Playfulness is given full rein in the ‘Abnominations’ sequence of poems and the ‘Paralympic Lessons: The Atosonnets’. An abnominal is a twenty line poem, developed by the poet, Andrew Philip, using only the letters of the dedicatee’s name, each of which must appear at least once per stanza. The title must be an anagram of their name, and should begin and end by addressing the dedicatee in some way, as in ‘Deviancy as God’ an abnomination for David Gascoyne.

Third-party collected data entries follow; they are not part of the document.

Lemma Cmod_v_num_le_linear : Cmod (v_num z y) <= 3 * Cmod z * y * exp (k * y).
Proof.
  rewrite v_num_eq; eapply Rle_trans; [apply Cmod_le_Rabs_Re_Im|]; simpl.
  set (t := Im z * y); set (e := exp (- (Re z * y))); set (E := exp (k * y)).
  assert (e_pos : 0 < e) by apply exp_pos.
  assert (e_le : e <= E) by (apply exp_le_compat; nra).
  assert (Cmod_y_ge0 : 0 <= Cmod z * y) by (pose proof (Cmod_ge_0 z); nra).
  assert (exp_bound : Rabs (1 - e) <= Cmod z * y * E).
  { eapply Rle_trans; [apply Rabs_one_sub_exp_le|].
    rewrite Rabs_Ropp, Rabs_mult, (Rabs_right y) by lra.
    apply Rmult_le_compat; [apply Rmult_le_pos; [apply Rabs_pos | lra] | left; apply exp_pos | |].
    - pose proof (re_le_Cmod z); nra.
    - apply exp_le_compat, Rmax_lub; nra. }
  assert (t_le : Rabs t <= Cmod z * y).
  { unfold t; rewrite Rabs_mult, (Rabs_right y) by lra.
    pose proof (Im_le_Cmod z); nra. }
  assert (cos_bound : e * Rabs (1 - cos t) <= E * (Cmod z * y)).
  { apply Rmult_le_compat; [lra | apply Rabs_pos | lra |].
    eapply Rle_trans; [apply Rabs_one_sub_cos_le | exact t_le]. }
  assert (sin_bound : e * Rabs (sin t) <= E * (Cmod z * y)).
  { apply Rmult_le_compat; [lra | apply Rabs_pos | lra |].
    eapply Rle_trans; [apply Rabs_sin_le | exact t_le]. }
  replace (1 - e * cos t) with ((1 - e) + e * (1 - cos t)) by ring.
  pose proof (Rabs_triang (1 - e) (e * (1 - cos t))).
  rewrite !Rabs_mult, (Rabs_right e) in * by lra.
  lra.
Qed.

Lemma Cmod_v_num_le_exp : Cmod (v_num z y) <= 2 * exp (k * y).
Proof.
  unfold v_num, Cminus; eapply Rle_trans; [apply Cmod_triangle|].
  rewrite Cmod_opp, Cmod_Cexp, Cmod_1.
  replace (Re (- (z * RtoC y))) with (- (Re z * y)) by (destruct z; simpl; ring).
  assert (1 <= exp (k * y)) by (rewrite <- exp_0; apply exp_le_compat; nra).
  assert (exp (- (Re z * y)) <= exp (k * y)) by (apply exp_le_compat; nra).
  lra.
Qed.

End v_num_bounds.

Lemma v_fun_eq_div z y : y <> 0 -> v_fun z y = (v_num z y / RtoC (exp y - 1))%C.
Proof. intros Hy; unfold v_fun; destruct Req_EM_T; [contradiction | reflexivity]. Qed.


Lemma Cmod_v_fun_pos z y : 0 < y -> Cmod (v_fun z y) = Cmod (v_num z y) / (exp y - 1).
Proof.
  intros Hy; pose proof (exp_sub_one_pos y Hy).
  rewrite v_fun_eq_div, Cmod_div, Cmod_R, Rabs_right by (try apply RtoC_neq_0; lra).
  reflexivity.
Qed.

Section v_fun_bounds.

Variables (z : C) (d : R).
Hypotheses (d_pos : 0 < d) (d_le1 : d <= 1) (d_le : d <= 1 + Re z).

Lemma Cmod_v_fun_le y : 0 <= y -> Cmod (v_fun z y) <= 6 / d * Cmod z * exp (- (d / 2) * y).
Proof.
  intros [Hy | <-].
  - rewrite Cmod_v_fun_pos, Rle_div_l by (try apply Rlt_gt, exp_sub_one_pos; lra).
    eapply Rle_trans; [apply (Cmod_v_num_le_linear z (1 - d)); lra|].
    assert (Hsplit : exp ((1 - d) * y) = exp (- (d / 2) * y) * exp (y - d / 2 * y))
      by (rewrite <- exp_plus; f_equal; field).
    rewrite Hsplit.
    replace (3 * Cmod z * y * (exp (- (d / 2) * y) * exp (y - d / 2 * y)))
      with (6 / d * Cmod z * exp (- (d / 2) * y) * (d / 2 * y * exp (y - d / 2 * y)))
      by (field; lra).
    apply Rmult_le_compat_l; [|apply exp_sub_one_ge; lra].
    pose proof (Cmod_ge_0 z); pose proof (exp_pos (- (d / 2) * y)).
    apply Rmult_le_pos; [apply Rmult_le_pos|]; [apply Rle_div_r|..]; lra.
  - unfold v_fun; destruct Req_EM_T; [|congruence].
    rewrite Rmult_0_r, exp_0, Rmult_1_r.
    assert (1 <= 6 / d) by (apply Rle_div_r; lra).
    pose proof (Cmod_ge_0 z); nra.
Qed.

Lemma Cmod_v_fun_le_large x : 1 <= x -> Cmod (v_fun z x) <= 4 * exp (- d * x).
Proof.
  intros Hx.
  rewrite Cmod_v_fun_pos, Rle_div_l by (try apply Rlt_gt, exp_sub_one_pos; lra).
  eapply Rle_trans; [apply (Cmod_v_num_le_exp z (1 - d)); lra|].
  assert (Hsplit : exp ((1 - d) * x) = exp (- d * x) * exp x)
    by (rewrite <- exp_plus; f_equal; ring).
  rewrite Hsplit.
  pose proof (exp_ineq1_le x); pose proof (exp_pos (- d * x)); nra.
Qed.

Lemma Cmod_v_fun_le_uniform y : 0 <= y -> Cmod (v_fun z y) <= 6 / d * Cmod z.
Proof.
  intros Hy; eapply Rle_trans; [now apply Cmod_v_fun_le|].
  rewrite <- (Rmult_1_r (6 / d * Cmod z)) at 2.
  apply Rmult_le_compat_l.
  - pose proof (Cmod_ge_0 z); apply Rmult_le_pos; [apply Rle_div_r|]; lra.
  - rewrite <- exp_0; apply exp_le_compat; nra.
Qed.

End v_fun_bounds.

Definition diff_quot (F : R -> R) (l y : R) : R := if Req_EM_T y 0 then l else F y / y.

A caved saying: dang dingoes dosing!
Vain dogs, ego-divas, edgy agony-codas

Did as David does: danced giddy, de-
Seeded. Ovid aced yogi’s inane, aged

Voyage. Dived good, snagged a gonad,
Donor in a saved Degas-coven. Navy Dave:

Gay voice, no novice, delicious screed,
Envoy via avid disco-gods and devices:

The poem ‘fragments from The First Week of the World: The Herpetological Bible’ is full of depth playing off different ways and approaches to the natural world.

Sudden mutism,
Idea-death, resort to
‘freedom’ within himself

(Rilke’s transformation,
Heidegger’s institution
of being the poet’s part).

Bonnefoy speaks:
logos, universe, impulse
towards salvation.

This vital and affirmative book concerned with placing and naming of self, species, and other within a split and dangerous world lingers after the first few readings and gets under the reader’s skin. I felt compelled to re-engage.